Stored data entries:
Lemma nbhd_union_drop_edges T F1 F2 v a b : a <> b -> F1 v -> F2 v ->
  forall x, nbhd T (fun w => F1 w \/ F2 w) x ->
    nbhd (drop_edge T (v, a)) F1 x \/ nbhd (drop_edge T (v, b)) F2 x.
Proof.
  intros ab v1 v2 x [w [i [[p|p] [q [r <-]]]]].
  - destruct (classic ((w, i) = (v, a))) as [e|e].
    + injection e as -> ->. right. exists v, a; repeat split; auto.
      intros e; injection e; congruence.
    + left. exists w, i; repeat split; auto.
  - destruct (classic ((w, i) = (v, b))) as [e|e].
    + injection e as -> ->. left. exists v, b; repeat split; auto.
      intros e; injection e; congruence.
    + right. exists w, i; repeat split; auto.
Qed.

Lemma nbhd_inter_drop_edges T F1 F2 v a b :
  forall x, nbhd T (fun w => (F1 w /\ F2 w) /\ w <> v) x ->
    nbhd (drop_edge T (v, a)) F1 x /\ nbhd (drop_edge T (v, b)) F2 x.
Proof.
  intros x [w [i [[[p1 p2] nv] [q [r <-]]]]].
  split; exists w, i; repeat split; auto; intros e; injection e; congruence.
Qed.

(* Two deficient sets for the removals of two distinct edges at v would, by
   submodularity of |F| - |N(F)|, produce a deficient set for T itself. *)
Lemma critical_edge_unique T v a b F1 F2 : hall T ->
  deficient (drop_edge T (v, a)) F1 -> deficient (drop_edge T (v, b)) F2 -> a = b.
Proof.
  intros HT D1 D2. apply NNPP; intros ab.
  pose proof (deficient_drop_edge _ _ _ _ HT D1) as v1.
  pose proof (deficient_drop_edge _ _ _ _ HT D2) as v2.
  destruct D1 as [lF1 [lS1 [E1 [S1 l1]]]], D2 as [lF2 [lS2 [E2 [S2 l2]]]].
  destruct (enum_of_incl (lF1 ++ lF2) (fun w => F1 w \/ F2 w)) as [lU EU].
  { intros w [h|h]; apply in_app_iff; [left; apply E1|right; apply E2]; auto. }
  destruct (enum_of_incl lF1 (fun w => F1 w /\ F2 w)) as [lI EI].
  { intros w [h _]; apply E1; auto. }
  destruct (enum_of_incl lF1 (fun w => (F1 w /\ F2 w) /\ w <> v)) as [lIv EIv].
  { intros w [[h _] _]; apply E1; auto. }
  destruct (enum_of_incl (lS1 ++ lS2)
    (fun x => nbhd (drop_edge T (v, a)) F1 x \/ nbhd (drop_edge T (v, b)) F2 x)) as [lSU ESU].
  { intros x [h|h]; apply in_app_iff; [left; apply S1|right; apply S2]; auto. }
  destruct (enum_of_incl lS1
    (fun x => nbhd (drop_edge T (v, a)) F1 x /\ nbhd (drop_edge T (v, b)) F2 x)) as [lSI ESI].
  { intros x [h _]; apply S1; auto. }
  destruct (nbhd_finite T _ lU EU) as [lNU ENU].
  destruct (nbhd_finite T _ lIv EIv) as [lNI ENI].
  pose proof (enum_length_union_inter _ _ _ _ _ _ S1 S2 ESU ESI).
  pose proof (enum_length_union_inter _ _ _ _ _ _ E1 E2 EU EI).
  pose proof (enum_length_remove _ v lI lIv EI (conj v1 v2) EIv).
  pose proof (HT _ _ _ EU ENU). pose proof (HT _ _ _ EIv ENI).
  pose proof (enum_length_le _ _ _ _ ENU ESU (nbhd_union_drop_edges T F1 F2 v a b ab v1 v2)).
  pose proof (enum_length_le _ _ _ _ ENI ESI (nbhd_inter_drop_edges T F1 F2 v a b)).
  lia.
Qed.

Definition kept (D : V * nat -> Prop) : V -> nat -> Prop := fun v i => ~ D (v, i).

(* Zorn's lemma on sets of deleted edges preserving Hall's condition, which has finite
   character because only finitely many edges leave a finite F. *)
Lemma hall_maximal_exists : hall (fun _ _ => True) ->
  exists D, hall (kept D) /\
    forall D', (forall p, D p -> D' p) -> (exists p, D' p /\ ~ D p) -> ~ hall (kept D').
Proof.
  intros Hall0.
  destruct (@classical_sets.Zorn_bigcup _ (fun D => hall (kept D))) as [D [HD Dmax]].
  - intros C HC Ctot F lF lS EF ES.
    destruct (enum_of_incl (edge_list deg lF)
       (fun p => F (fst p) /\ snd p < deg (fst p) /\ exists D, C D /\ D p)) as [lp Ep].
    { intros p [h1 [h2 _]]. apply in_edge_list. split; [apply EF|]; auto. }
    assert (HD0 : exists D0, hall (kept D0) /\ (forall p, D0 p -> exists D, C D /\ D p) /\
                             forall p, In p lp -> D0 p).
    { destruct (chain_finite_subset C lp Ctot) as [Hnil|[D0 [CD0 HD0]]].
      - intros p hp; apply Ep in hp; tauto.
      - exists (fun _ => False); repeat split; try tauto.
        apply (hall_ext (fun _ _ => True)); [unfold kept; tauto|exact Hall0].
      - exists D0; repeat split; eauto. }
    destruct HD0 as [D0 [HD0 [D0C lpD0]]].
    apply (HD0 F lF lS EF), (enum_eqv _ _ _ ES).
    intros x; split; intros [v [i [Fv [hi [r s]]]]]; exists v, i; repeat split; auto.
    + intros h; apply r. destruct (D0C _ h) as [D' [CD' hD']]. exists D'; assumption.
    + intros [D' CD' hD']. apply r, lpD0, Ep; simpl; eauto.
  - exists D. split; [exact HD|]. intros D' sub [p [p1 p2]] HD'.
    apply (Dmax D'); [|exact HD'].
    split; [exact sub|]. intros h; apply p2, h, p1.
Qed.

Section MaximalDeletion.
Variable D : V * nat -> Prop.
Hypothesis hall_D : hall (kept D).
Hypothesis D_maximal :
  forall D', (forall p, D p -> D' p) -> (exists p, D' p /\ ~ D p) -> ~ hall (kept D').

Lemma maximal_kept_edge_exists v : exists i, i < deg v /\ ~ D (v, i).
Proof.
  apply NNPP; intros C.
  assert (E1 : enum (fun w => w = v) [v]) by (apply enum_single; tauto).
  assert (E2 : enum (nbhd (kept D) (fun w => w = v)) []).
  { apply enum_nil. intros x [w [i [-> [q [r _]]]]]. apply C; eauto. }
  pose proof (hall_D _ _ _ E1 E2). simpl in *; lia.
Qed.

Lemma maximal_kept_edge_unique v a b :
  a < deg v -> ~ D (v, a) -> b < deg v -> ~ D (v, b) -> a = b.
Proof.
  assert (Hcrit : forall c, c < deg v -> ~ D (v, c) ->
                  exists F, deficient (drop_edge (kept D) (v, c)) F).
  { intros c hc Dc. apply not_hall. intros Hdrop.
    apply (D_maximal (fun p => D p \/ p = (v, c))).
    - intros p hp; left; exact hp.
    - exists (v, c); split; [right; reflexivity|exact Dc].
    - revert Hdrop; apply hall_ext. intros w i _. unfold drop_edge, kept. tauto. }
  intros ha Da hb Db.
  destruct (Hcrit a ha Da) as [F1 D1], (Hcrit b hb Db) as [F2 D2].
  exact (critical_edge_unique _ _ _ _ _ _ hall_D D1 D2).
Qed.

End MaximalDeletion.

Theorem hall_matching : hall (fun _ _ => True) ->
  exists f : V -> nat, (forall v, f v < deg v) /\
    forall u v, nb u (f u) = nb v (f v) -> u = v.
Proof.
  intros Hall0.
  destruct (hall_maximal_exists Hall0) as [D [HD Dmax]].
  destruct (choice (fun v i => i < deg v /\ ~ D (v, i)) (maximal_kept_edge_exists D HD))
    as [f hf].
  exists f. split; [intros v; apply hf|]. intros u v Heq. apply NNPP; intros uv.
  assert (E1 : enum (fun w => w = u \/ w = v) [u; v]).
  { split.
    - constructor; [simpl; intros [h|[]]; congruence|constructor; [intros []|constructor]].
    - intros x; simpl; split; [intros [h|[h|[]]]; auto|intros [h|h]; auto]. }
  assert (E2 : enum (nbhd (kept D) (fun w => w = u \/ w = v)) [nb u (f u)]).
  { apply enum_single. intros x; split.
    - intros [w [i [[->| ->] [q [r <-]]]]]; [|rewrite Heq];
        f_equal; eapply (maximal_kept_edge_unique D HD Dmax); try apply hf; eauto.
    - intros ->. exists u, (f u). repeat split; auto; apply hf. }
  pose proof (HD _ _ _ E1 E2). simpl in *; lia.
Qed.

End HallInfinite.

Section GroupLemmas.
Context {G : Group}.
Implicit Types x y z : G.

Lemma mulgA x y z : gmul x (gmul y z) = gmul (gmul x y) z. Proof. apply gmulA. Qed.
Lemma mul1g x : gmul gone x = x. Proof. apply gmul1l. Qed.
Lemma mulVg x : gmul (ginv x) x = gone. Proof. apply gmulVl. Qed.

Required work: Copy out the range of lines above starting at the line with "destruct (enum_of_incl (lF1" and ending at the line with "intros w [h _];", exactly and including both.

Answer space:
  destruct (enum_of_incl (lF1 ++ lF2) (fun w => F1 w \/ F2 w)) as [lU EU].
  { intros w [h|h]; apply in_app_iff; [left; apply E1|right; apply E2]; auto. }
  destruct (enum_of_incl lF1 (fun w => F1 w /\ F2 w)) as [lI EI].
  { intros w [h _]; apply E1; auto. }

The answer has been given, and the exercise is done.